▶ **TASK BRIEF**: Look below for the line holding "(forall y, W" and the line holding "(2 <= d)%nat". Transcribe exactly those lines and all lines between them, nothing more.

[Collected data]
┌──

Lemma fiter_split (p : cpoly) (q : bpoly) (n : nat) (z w : Cx) :
  fiter p q n (z, w) = (piter p n z, Qiter p q n z w).
Proof.
  unfold Qiter. replace (piter p n z) with (fst (fiter p q n (z, w))).
  - destruct (fiter p q n (z, w)); reflexivity.
  - induction n as [|n IH]; [reflexivity|]. unfold fiter, piter in *. simpl. congruence.
Qed.

Lemma Qiter_S (p : cpoly) (q : bpoly) (n : nat) (z w : Cx) :
  Qiter p q (S n) z w = beval q (piter p n z) (Qiter p q n z w).
Proof.
  unfold Qiter at 1. change (fiter p q (S n) (z, w)) with (fmap p q (fiter p q n (z, w))).
  rewrite fiter_split. reflexivity.
Qed.

Lemma fiter_invariant (p : cpoly) (q : bpoly) (W : Cx * Cx -> Prop) (x : Cx * Cx) (n0 : nat) :
  (forall y, W y -> W (fmap p q y)) -> W (fiter p q n0 x) ->
  forall n, (n0 <= n)%nat -> W (fiter p q n x).
Proof.
  intros Hinv H0 n Hn. replace n with (n - n0 + n0)%nat by lia.
  induction (n - n0)%nat as [|k IH]; [exact H0|].
  change (fiter p q (S k + n0) x) with (fmap p q (fiter p q (k + n0) x)). auto.
Qed.

Lemma Gp_limit_and_rate (p : cpoly) (d : nat) (z : Cx) :
  (2 <= d)%nat -> monic_deg p d -> in_Ap p z ->
  exists g eps N, Un_cv (Gp_seq p d z) g /\ 0 < eps /\
    forall n, (N <= n)%nat -> 1 + eps * INR d ^ n <= ln (Cmod (piter p n z)).
Proof.
  intros Hd Hp Hz.
  destruct (p_log_estimate p d Hp ltac:(lia)) as [K [M [HK [HM Hlog]]]].
  set (dR := INR d).
  assert (HdR : 1 < dR) by (unfold dR; apply (lt_INR 1); lia).
  set (c := M / (dR - 1)).
  set (a := fun n => ln (Cmod (piter p n z))).
  destruct (Hz (Rmax K (exp (c + 2)))) as [N HN].
  assert (Hbig : forall n, (N <= n)%nat -> K <= Cmod (piter p n z) /\ c + 2 <= a n).
  { intros n Hn. specialize (HN n Hn).
    split; [left; eapply Rle_lt_trans; [apply Rmax_l|exact HN]|].
    unfold a. rewrite <- (ln_exp (c + 2)).
    apply ln_monotone; [apply exp_pos|]. left; eapply Rle_lt_trans; [apply Rmax_r|exact HN]. }
  destruct (telescoping_limit a dR M N HdR HM) as [[g Hcv] Hlow].
  { intros n Hn. apply Hlog, Hbig, Hn. }
  exists g, (1 / dR ^ N), N.
  assert (HdN : 0 < dR ^ N) by (apply pow_lt; lra).
  split; [|split].
  - apply (Un_cv_eventually_eq (fun n => a n / dR ^ n) _ g N); [|exact Hcv].
    intros n Hn. unfold Gp_seq, a. fold dR. rewrite logp_eq_ln; [reflexivity|].
    destruct (Hbig n Hn) as [HKn _]. lra.
  - apply Rdiv_lt_0_compat; lra.
  - intros n Hn. specialize (Hlow n Hn). fold c in Hlow. destruct (Hbig N (le_n N)) as [_ HaN].
    assert (Hdn : 0 < dR ^ n) by (apply pow_lt; lra).
    assert (Hratio : 1 <= dR ^ n / dR ^ N).
    { apply (Rmult_le_reg_r (dR ^ N)); [lra|].
      replace (dR ^ n / dR ^ N * dR ^ N) with (dR ^ n) by (field; lra).
      rewrite Rmult_1_l. apply Rle_pow; [lra|exact Hn]. }
    (* a_n / d^n >= (a_N - c) / d^N >= 2 / d^N *)
    assert (H2 : 2 / dR ^ N <= a n / dR ^ n).
    { eapply Rle_trans; [|exact Hlow].
      apply Rmult_le_compat_r; [left; apply Rinv_0_lt_compat|]; lra. }
    assert (Han : 2 * (dR ^ n / dR ^ N) <= a n).
    { apply (Rmult_le_compat_r (dR ^ n)) in H2; [|lra].
      replace (a n / dR ^ n * dR ^ n) with (a n) in H2 by (field; lra).
      replace (2 / dR ^ N * dR ^ n) with (2 * (dR ^ n / dR ^ N)) in H2 by (field; lra).
      exact H2. }
    replace (1 / dR ^ N * dR ^ n) with (dR ^ n / dR ^ N) by (field; lra).
    fold (a n). lra.
Qed.
(* Let $A$ be a finite set, let $P$ be a probability measure on $(A^{\mathbb{Z}},\mathfrak{A}^{\mathbb{Z}})$ (not necessarily stationary), and let $h\ge 0$. Then $P$ satisfies condition (B) with respect to $h$ if and only if $P$ satisfies condition (B* ) with respect to $h$.
   Context: $\mathfrak{A}^{\mathbb{Z}}$ is the $\sigma$-field on $A^{\mathbb{Z}}$ generated by cylinder sets. For $n\ge 1$, $A^{(n)}:=\prod_{i=1}^n A$ and $P^{(n)}$ denotes the marginal of $P$ on the coordinates $1,\dots,n$, i.e. $P^{(n)}(\mathbf{x})=P(\{\xi: (\xi_i)_{i=1}^n=\mathbf{x}\})$ for $\mathbf{x}\in A^{(n)}$. For a finite sequence $\mathbf{x}=(x_i)_{i=1}^n$ ($n\ge2$) let $\mathbf{x}_\flat:=(x_i)_{i=1}^{n-1}$, and for a set $C\subseteq A^{(n+1)}$ let $C_\flat:=\{\mathbf{x}_\flat:\mathbf{x}\in C\}$. Condition (B) w.r.t. $h$: for $P$-almost every $(\xi_n)_{n\in\mathbb{Z}}\in A^{\mathbb{Z}}$ the limit $\lim_{n\to\infty}-\frac1n\log P^{(n)}((\xi_i)_{i=1}^n)$ exists and equals $h$. Condition (B* ) w.r.t. $h$: for every $\varepsilon>0$ there exist subsets $C_\varepsilon^{(n)}\subseteq A^{(n)}$, $n\in\mathbb{N}$, and a number $N(\varepsilon)$ such that (1) $C_\varepsilon^{(n)}=(C_\varepsilon^{(n+1)})_\flat$ for all $n\ge1$; (2) $\#C_\varepsilon^{(n)}\in(e^{n(h-\varepsilon)},e^{n(h+\varepsilon)})$ for $n\ge N(\varepsilon)$; (3) $P^{(n)}(\mathbf{x})<e^{-n(h-\varepsilon)}$ for all $n\ge N(\varepsilon)$ and all $\mathbf{x}\in C_\varepsilon^{(n)}$; (4) $P^{(n)}(C_\varepsilon^{(n)})>1-\varepsilon$ for all $n\ge 1$. *)

From HB Require Import structures.
From mathcomp Require Import all_boot all_order all_algebra.
From mathcomp Require Import all_classical all_reals all_analysis.
Set Implicit Arguments. Unset Strict Implicit. Unset Printing Implicit Defensive.
Import Order.TTheory GRing.Theory Num.Theory.
Import numFieldNormedType.Exports.
Local Open Scope classical_set_scope.
Local Open Scope ring_scope.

└──

▶ **EXERCISE RESULT**:
  (forall y, W y -> W (fmap p q y)) -> W (fiter p q n0 x) ->
  forall n, (n0 <= n)%nat -> W (fiter p q n x).
Proof.
  intros Hinv H0 n Hn. replace n with (n - n0 + n0)%nat by lia.
  induction (n - n0)%nat as [|k IH]; [exact H0|].
  change (fiter p q (S k + n0) x) with (fmap p q (fiter p q (k + n0) x)). auto.
Qed.

Lemma Gp_limit_and_rate (p : cpoly) (d : nat) (z : Cx) :
  (2 <= d)%nat -> monic_deg p d -> in_Ap p z ->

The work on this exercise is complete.